Hi Neels,
On Sun, Apr 03, 2016 at 12:00:03AM +0200, Neels Hofmeyr wrote:
We've recently noticed that our HNB-GW doesn't
ever send an id-Reset to
the CN. Now I'm trying to pinpoint precisely when this should happen.
For discussion, I'm focusing on CS, though this applies to PS as well.
It should happen once every time the signalling link between the HNB-GW
and the respective CN node is established, or whenever the HNB-GW looses
some state and thus wants to request re-initialization of the state on
the CN side.
To facilitate paging, the CSCN needs to remember which
RNC-Ids it has seen
on a given IuCS link. The id-Reset message contains the Global RNC Id and
allows the CSCN to know who's connected.
So far my thoughts are that the HNB-GW should forward all and any id-Reset
messages received from an hNodeB to the connected CSCN. It should look
like the RNCs were directly connected to the CN.
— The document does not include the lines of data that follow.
Lemma Eq_prod_large_q (a b q : C) : 1 < nc q ->
  exists r : R, 0 < r /\ forall z : C, `|z| < r%:C ->
    cvg (Eq_partial a b q z @ \oo) /\
    pprod (fun k => (1 - a * (q^-1 - 1) * q^-1 ^+ k * z) /
                    (1 + b * (q^-1 - 1) * q^-1 ^+ k * z)) @ \oo --> Eq a b q z.
Proof.
move=> q_gt1; have q_gt0 : 0 < nc q := lt_trans ltr01 q_gt1.
have q_neq0 : q != 0 by apply: contraTneq q_gt0 => ->; rewrite Normc.normc0 ltxx.
have qV_lt1 : nc q^-1 < 1 by rewrite Normc.normcV invf_lt1.
exists (Eq_radius b a q^-1); split; first exact: Eq_radius_gt0.
move=> z; rewrite normcE ltcR => /ltW z_le.
have -> : Eq a b q z = Eq b a q^-1 z by rewrite /Eq (Eq_partial_inv a b q_neq0).
rewrite (Eq_partial_inv a b q_neq0).
have -> : (fun k => (1 - a * (q^-1 - 1) * q^-1 ^+ k * z) /
                    (1 + b * (q^-1 - 1) * q^-1 ^+ k * z)) =
    (fun k => (1 + a * (1 - q^-1) * q^-1 ^+ k * z) / (1 - b * (1 - q^-1) * q^-1 ^+ k * z)).
  by apply/funext => k; congr (_ / _); ring.
by have := Eq_prod_near0 b a qV_lt1 _ z_le.
Qed.

End QProducts.

Theorem mainTheorem14 (R : realType) (a b q : R[i])
  (hq0 : q != 0) (hq1 : `|q| != 1) :
  (`|q| < 1 ->
    (forall z : R[i],
       cvg (Einv_partial q z @ \oo) /\
       pprod (fun n => 1 + (1 - q) * q ^+ n * z) @ \oo --> Einv q z) /\
    exists r : R, 0 < r /\
      forall z : R[i], `|z| < r%:C ->
        cvg (Eq_partial a b q z @ \oo) /\
        pprod (fun k => (1 + b * (1 - q) * q ^+ k * z) /
                        (1 - a * (1 - q) * q ^+ k * z)) @ \oo --> Eq a b q z /\
        Eq a b q z = Einv q (b * z) / Einv q (- a * z)) /\
  (1 < `|q| ->
    exists r : R, 0 < r /\
      forall z : R[i], `|z| < r%:C ->
        cvg (Eq_partial a b q z @ \oo) /\
        pprod (fun k => (1 - a * (q^-1 - 1) * q^-1 ^+ k * z) /
                        (1 + b * (q^-1 - 1) * q^-1 ^+ k * z)) @ \oo --> Eq a b q z).
Proof.
rewrite normcE -[1 : R[i]]/(1%:C) !ltcR.
split => [q_lt1 | q_gt1]; last exact: Eq_prod_large_q.
by split; [exact: Einv_prod | exact: Eq_prod_small_q].
Qed.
I don't think so, sorry. One of the major reasons to have a HNB-GW in
the HomeNodeB Architecture from my understanding is that you want to
"Hide" the presence of potentially tens or hundreds of thousands of
femtocells (hNodeB) from your core signalling elements like the MSC.
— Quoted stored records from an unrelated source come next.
(* Let $W$ be $\{0,1\}$-valued, let $x\in\mathbb X$ and $B\Subset\mathbb X$. Then \[ (\mathfrak h/B)(x)=\begin{cases}\{e\setminus B\mid e\in\mathfrak h(x)\}&\text{if }x\notin B,\\ \{\{x\}\}&\text{if }x\in B.\end{cases} \] In particular, $\{x\}\notin(\mathfrak h/B)(x)$ implies both $\deg_{\mathfrak h/B}(x)\le\deg_{\mathfrak h}(x)$ and $\{x\}\notin\mathfrak h$.
   Context: $\mathbb X$ is a finite or countably infinite set; $e\Subset\mathbb X$ means finite subset. $W:\{X\Subset\mathbb X\}\to\{0,1\}$ is a pure hard-core interaction, and $\mathfrak h=\{e\Subset\mathbb X\mid W(e)=0\}$. The conditional interaction is $W(X\mid B)=\prod_{C\subset B}W(X\cup C)$ if $X\cap B=\varnothing$, $W(X\mid B)=0$ if $X=\{y\}$ with $y\in B$, and $W(X\mid B)=1$ otherwise; it is again $\{0,1\}$-valued, and $\mathfrak h/B=\{e\Subset\mathbb X\mid W(e\mid B)=0\}$. For a set $\mathfrak g$ of finite subsets, $\mathfrak g(x)=\{e\in\mathfrak g\mid x\in e\}$ and $\deg_{\mathfrak g}(x)=|\mathfrak g(x)|\in\{0,1,2,\dots\}\cup\{\infty\}$. *)

From HB Require Import structures.
From mathcomp Require Import all_boot all_algebra finmap.
From mathcomp Require Import boolp classical_sets cardinality.
Set Implicit Arguments. Unset Strict Implicit. Unset Printing Implicit Defensive.
Import GRing.Theory Num.Theory.

Local Open Scope ring_scope.

Definition cond_int (R : comPzRingType) (T : choiceType)
    (W : {fset T} -> R) (B X : {fset T}) : R :=
  if (X `&` B == fset0)%fset then \prod_(C <- fpowerset B) W (X `|` C)%fset
  else if has (fun y => X == [fset y]%fset) B then 0 else 1.

Definition hc (R : comPzRingType) (T : choiceType) (W : {fset T} -> R)
  : set {fset T} := [set e | W e = 0].

Definition hcond (R : comPzRingType) (T : choiceType) (W : {fset T} -> R)
  (B : {fset T}) : set {fset T} := [set e | cond_int W B e = 0].

(* g(x) = { e in g | x in e } ; deg_g(x) = |g(x)| (compared as cardinals). *)
Definition star (T : choiceType) (g : set {fset T}) (x : T) : set {fset T} :=
  [set e | g e /\ x \in e].

From HB Require Import structures.
From mathcomp Require Import all_boot all_algebra finmap.
From mathcomp Require Import boolp classical_sets cardinality.
Import GRing.Theory Num.Theory.
Local Open Scope classical_set_scope.

(* W(e | B) vanishes in exactly two ways: either e misses B and W(e ∪ C) = 0
   for some C ⊆ B, or e = {y} with y ∈ B.  So for x ∉ B the edges of h/B at x
   are the traces e \ B of the edges e ∋ x of h (take C = e ∩ B, so that
   (e \ B) ∪ C = e), while for x ∈ B only {x} survives.  The map
   e ↦ e \ B then bounds the degree, and {x} ∈ h would give {x} = {x} \ B ∈
   (h/B)(x).  As the coefficients form an integral domain, a product vanishes
   iff a factor does, so W need not be {0,1}-valued. *)

Section ConditionalInteraction.

Variables (R : idomainType) (T : choiceType) (W : {fset T} -> R) (B : {fset T}).

Lemma cond_int_eq0_disjoint (X : {fset T}) : [disjoint X & B]%fset ->
  cond_int W B X = 0%R <-> exists2 C, (C `<=` B)%fset & W (X `|` C)%fset = 0%R.
Proof.
move=> XB; rewrite /cond_int fsetI_eq0 XB.
split=> [/eqP | [C CB WC]].
  by rewrite prodf_seq_eq0 => /hasP[C]; rewrite fpowersetE => CB /eqP; exists C.
apply/eqP; rewrite prodf_seq_eq0; apply/hasP.
by exists C; rewrite ?fpowersetE //= WC.
Qed.

Lemma cond_int_eq0_meet (X : {fset T}) : ~~ [disjoint X & B]%fset ->
  cond_int W B X = 0%R <-> exists2 y, y \in B & X = [fset y]%fset.
Proof.
move=> XB; rewrite /cond_int fsetI_eq0 (negbTE XB).
case: hasP => [[y yB /eqP XE] | noy]; split=> //; first by exists y.
  by move/eqP; rewrite oner_eq0.
by case=> y yB XE; case: noy; exists y; last exact/eqP.
Qed.

Lemma star_hcond_notin (x : T) : x \notin B ->
  star (hcond W B) x = [set (e `\` B)%fset | e in star (hc W) x].
Proof.
move=> xB; apply/seteqP; split=> [e [eB0 xe] | _ [e [We xe] <-]] /=.
  have [eB | /(cond_int_eq0_meet _) eBy] := boolP [disjoint e & B]%fset.
    have [C CB WeC] := (cond_int_eq0_disjoint _ eB).1 eB0.
    exists (e `|` C)%fset; first by split; rewrite // in_fsetU xe.
    have /eqP CB0 : (C `\` B == fset0)%fset by rewrite fsetD_eq0.
    by rewrite fsetDUl CB0 fsetU0; apply/fsetDidPl.
  have [y yB ey] := eBy.1 eB0.
  by move: xe xB; rewrite ey inE => /eqP ->; rewrite yB.
have eDB : [disjoint e `\` B & B]%fset.
  by have /fsubsetDP[] := fsubset_refl (e `\` B)%fset.
split; last by rewrite in_fsetD xB xe.
apply/(cond_int_eq0_disjoint _ eDB).
by exists (e `&` B)%fset; rewrite ?fsubsetIr // fsetUC fsetID.
Qed.

Lemma star_hcond_in (x : T) : x \in B ->
  star (hcond W B) x = [set [fset x]%fset].
Proof.
move=> xB; apply/seteqP; split=> [e [eB0 xe] | _ ->] /=.
  have eB : ~~ [disjoint e & B]%fset.
    by apply: contraL xB => /fdisjointP; apply.
  have [y yB ey] := (cond_int_eq0_meet _ eB).1 eB0.
  by move: xe; rewrite ey inE => /eqP ->.
split; last exact: fset11.
by apply/cond_int_eq0_meet; [rewrite fdisjoint1X xB | exists x].
Qed.

End ConditionalInteraction.

Theorem lemma5p3 (R : numDomainType) (T : countType) (W : {fset T} -> R)
  (hW : forall e, W e = 0%R \/ W e = 1%R) (x : T) (B : {fset T}) :
  (x \notin B ->
     star (hcond W B) x = [set (e `\` B)%fset | e in star (hc W) x]) /\
  (x \in B -> star (hcond W B) x = [set [fset x]%fset]) /\
  (~ star (hcond W B) x [fset x]%fset ->
     (star (hcond W B) x #<= star (hc W) x)%card /\ ~ hc W [fset x]%fset).
Proof.
split; first exact: star_hcond_notin.
split; first exact: star_hcond_in.
move=> xNstar.
have xB : x \notin B.
  by apply: contra_notN xNstar => xB; rewrite star_hcond_in.
rewrite star_hcond_notin //; split; first exact: card_image_le.
move=> Wx; apply: xNstar; rewrite star_hcond_notin //.
exists [fset x]%fset; first by split; rewrite ?fset11.
by apply/fsetDidPl; rewrite fdisjoint1X.
Qed.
Classic MSCs are not designed to talk to such a large quantity of
signalling peers, and most likely run into scalability and/or licensing
issues.
Just because the situation is different in a new implementation like the
Osocom one, we shouldn't throw those principles over board.
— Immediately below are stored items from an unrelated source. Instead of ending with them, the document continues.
Lemma linked_conj_refl (rho : R) (a : C) : 0 < rho -> linked d omega 0 rho a (Cconj a).
Proof.
  intro Hrho. exists (fun _ => 0%Z). rewrite l1norm_0, dotZR_0, Cconj_conj. split; [lia|].
  replace (Ci * RtoC (2 * PI * 0) - (a - a))%C with (RtoC 0).
  - rewrite Cmod_0. exact Hrho.
  - apply injective_projections; simpl; ring.
Qed.

Lemma linked_weaken (N1 N2 : nat) (rho1 rho2 : R) (a b : C) :
  (N1 <= N2)%nat -> rho1 <= rho2 ->
  linked d omega N1 rho1 a b -> linked d omega N2 rho2 a b.
Proof.
  intros HN Hrho (k & Hk & Hc). exists k. split; [lia|lra].
Qed.

Lemma iter_Cconj (m : nat) (z : C) :
  Nat.iter m Cconj z = if Nat.even m then z else Cconj z.
Proof.
  induction m as [|m IH]; [reflexivity|].
  change (Cconj (Nat.iter m Cconj z) = if Nat.even (S m) then z else Cconj z).
  rewrite IH, Nat.even_succ, <- Nat.negb_even.
  destruct (Nat.even m); simpl; [reflexivity|apply Cconj_conj].
Qed.

Lemma linked_path (N : nat) (rho : R) (b : C) (p : list C) :
  0 < rho -> path (linked d omega N rho) b p ->
  linked d omega (length p * N) (INR (S (length p)) * rho) b
    (Nat.iter (S (length p)) Cconj (last p b)).
Proof.
  intro Hrho; revert b; induction p as [|y p IH]; intros b Hp.
  - simpl. rewrite Rmult_1_l. exact (linked_conj_refl rho b Hrho).
  - destruct Hp as [Hby Hp]. rewrite last_cons.
    replace (INR (S (length (y :: p))) * rho) with (rho + INR (S (length p)) * rho)
      by (simpl length; rewrite (S_INR (S _)); ring).
    exact (linked_conj_trans _ _ _ _ _ _ _ Hby (IH y Hp)).
Qed.

Lemma linked_short_path (N n : nat) (rho : R) (b : C) (p : list C) :
  0 < rho -> path (linked d omega N rho) b p -> (length p < n)%nat ->
  linked d omega (n * N) (INR n * rho) b
    (if Nat.even (length p) then Cconj (last p b) else last p b).
Proof.
  intros Hrho Hp Hn.
  pose proof (linked_path N rho b p Hrho Hp) as Hlink.
  rewrite iter_Cconj, Nat.even_succ, <- Nat.negb_even in Hlink.
  assert (HnN : (length p * N <= n * N)%nat) by (apply Nat.mul_le_mono_r; lia).
  assert (Hnrho : INR (S (length p)) * rho <= INR n * rho)
    by (apply Rmult_le_compat_r; [lra|apply le_INR; lia]).
  destruct (Nat.even (length p)); exact (linked_weaken _ _ _ _ _ _ HnN Hnrho Hlink).
Qed.

End Linking.

Section Chains.
Variables (d : nat) (omega : nat -> R) (N : nat) (rho : R).

Lemma chain_cons (G : C -> Prop) (x : C) (p : list C) :
  chain d omega N rho G (x :: p) <->
  Forall G (x :: p) /\ path (linked d omega N rho) x p.
Proof.
  unfold chain. rewrite Forall_forall, (path_nth _ x 0). split; [tauto|].
  intros [HG Hp]. split; [easy|auto].
Qed.

Lemma chain_linked_path (G : C -> Prop) (a x : C) :
  chain_linked d omega N rho G a x <->
  exists p, Forall G (a :: p) /\ path (linked d omega N rho) a p /\ last p a = x.
Proof.
  split.
  - intros ([|a' p] & Hchain & Ha & Hx); [destruct Hchain as [[] _]; reflexivity|].
    simpl in Ha. subst a'. apply chain_cons in Hchain as [HG Hp].
    exists p. split; [exact HG|split; [exact Hp|]].
    rewrite <- Hx. symmetry. apply nth_last.
  - intros (p & HG & Hp & Hx). exists (a :: p). split; [apply chain_cons; auto|].
    split; [reflexivity|]. rewrite nth_last. exact Hx.
Qed.

Lemma odd_loop_of_path (E : C -> Prop) (x : C) (p : list C) :
  Forall E (x :: p) -> path (linked d omega N rho) x p -> last p x = x ->
  Nat.Odd (length p) -> odd_loop d omega N rho E (x :: p).
Proof.
  intros HE Hp Hx Hodd. split; [apply chain_cons; auto|].
  rewrite nth_last, Hx. simpl. rewrite Nat.sub_0_r.
  destruct Hodd as [m ->]. repeat split; [lia|exact (ex_intro _ m eq_refl)].
Qed.

Lemma chain_class_walks (Gamma E : C -> Prop) (a : C) :
  Gamma a -> (forall x, E x <-> Gamma x /\ chain_linked d omega N rho Gamma a x) ->
  forall x, E x <-> exists l, walk_from (linked d omega N rho) E a l x.
Proof.
  intros Ga HE x. split.
  - intros Ex. apply HE in Ex as [_ Hx]. apply chain_linked_path in Hx as (p & HG & Hp & Hx).
    exists p. split; [|auto]. apply Forall_forall. intros y Hy. apply HE. split.
    + rewrite Forall_forall in HG. auto.
    + apply chain_linked_path. destruct (path_prefix _ _ _ _ Hp Hy) as (q & Hq & Hpq & Hy').
      exists q. split; [|auto]. constructor; [exact Ga|].
      exact (incl_Forall Hq (Forall_inv_tail HG)).
  - intros (l & Hl). exact (walk_from_end _ _ _ _ _ Hl).
Qed.

End Chains.

Lemma NoDup_length_le_card (G : C -> Prop) (c : nat) (l : list C) :
  finite_card G c -> NoDup l -> Forall G l -> (length l <= c)%nat.
Proof.
  intros (L & _ & <- & HG) Hnd Hl. apply (NoDup_incl_length Hnd).
  intros y Hy. apply HG. rewrite Forall_forall in Hl. auto.
Qed.

Theorem lemma13 (d : nat) (omega : nat -> R) (N : nat) (rho : R) (n : nat)
  (Gamma : C -> Prop) :
  0 < rho -> (1 <= n)%nat ->
  (exists c, (0 < c)%nat /\ (c <= n)%nat /\ finite_card Gamma c) ->
  (forall a, Gamma a -> exists b, Gamma b /\ linked d omega N rho a b) ->
  forall E : C -> Prop, chain_class d omega N rho Gamma E ->
  (~ exists l, odd_loop d omega N rho E l) ->
  exists S1 S2 : C -> Prop,
    (forall x, E x <-> (S1 x \/ S2 x)) /\ (forall x, ~ (S1 x /\ S2 x)) /\
    (forall b g, S1 b -> S1 g -> ~ linked d omega N rho b g) /\
    (forall b g, S2 b -> S2 g -> ~ linked d omega N rho b g) /\
    (forall b g, S1 b -> S1 g ->
       linked d omega (n * N) (INR n * rho) b (Cconj g)) /\
    (forall b g, S2 b -> S2 g ->
       linked d omega (n * N) (INR n * rho) b (Cconj g)) /\
    (forall b g, S1 b -> S2 g ->
       linked d omega (n * N) (INR n * rho) b g).
Proof.
  intros Hrho _ (c & _ & Hcn & Hcard) _ E (a & Ga & HE) Hno.
  set (lk := linked d omega N rho).
  set (class := parity_class lk E a).
  assert (Hwalk := chain_class_walks d omega N rho Gamma E a Ga HE).
  assert (Hsym : forall x y, lk x y -> lk y x) by apply linked_sym.
  assert (Hodd : forall x p, Forall E (x :: p) -> path lk x p -> last p x = x ->
                   ~ Nat.Odd (length p))
    by (intros x p HEp Hp Hx Hodd; apply Hno; eexists; apply odd_loop_of_path; eauto).
  assert (Hfar : forall s s' b g, class s b -> class s' g ->
            linked d omega (n * N) (INR n * rho) b (if Bool.eqb s s' then Cconj g else g)).
  { intros s s' b g Hb Hg.
    destruct (parity_class_path lk E a Hsym Hodd s s' b g Hb Hg)
      as (p & HEp & Hp & <- & Hnd & <-).
    apply (linked_short_path d omega N n rho b p Hrho Hp).
    enough (length (b :: p) <= c)%nat by (simpl in *; lia).
    apply (NoDup_length_le_card Gamma c _ Hcard Hnd).
    apply (Forall_impl _ (fun y Ey => proj1 (proj1 (HE y) Ey)) HEp). }
  exists (class true), (class false).
  split; [|split; [|split; [|split; [|split; [|split]]]]].
  - intro x. rewrite Hwalk. split.
    + intros (l & Hl). destruct (Nat.even (length l)) eqn:Hpar; [left|right]; exists l; auto.
    + intros [(l & Hl & _)|(l & Hl & _)]; exists l; exact Hl.
  - intros x [H1 H2]. discriminate (parity_class_unique lk E a Hsym Hodd _ _ x H1 H2).
  - exact (parity_class_no_edge lk E a Hsym Hodd true).
  - exact (parity_class_no_edge lk E a Hsym Hodd false).
  - exact (Hfar true true).
  - exact (Hfar false false).
  - exact (Hfar true false).
Qed.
I therefore think the HNB-GW should try to look only like a single RNC
to the MSC, and very clearly only a single RANAP Reset should be sent.
Even worse, as all the multiple RANAP Reset you propose to send will
originate from the same peer on the SS7/SIGTAN point of view, a
"regular" MSC might simply only store the content of the last Reset.
Subsequent registrations of hNodeB's would then simply look like a
single RNC that is re-configured all the time, and only its most recent
global RNC ID is to be stored by the MSC.
On the other hand, the Location Update Requests arrive
at the CSCN in an
initialUE Message, and its RANAP part always contains the Global RNC Id
(mandatory). So, technically, the CSCN doesn't need id-Reset messages to
find out the RNC Ids. It may simply remember all RNC Ids seen coming in on
a given SUA link, be they initial-UE or Reset messages.
The RANAP Reset is primarily used to determine which resources
(connections, state, ...) is to be reset at the time of a
reboot/reinitialization/state-loss of the peer.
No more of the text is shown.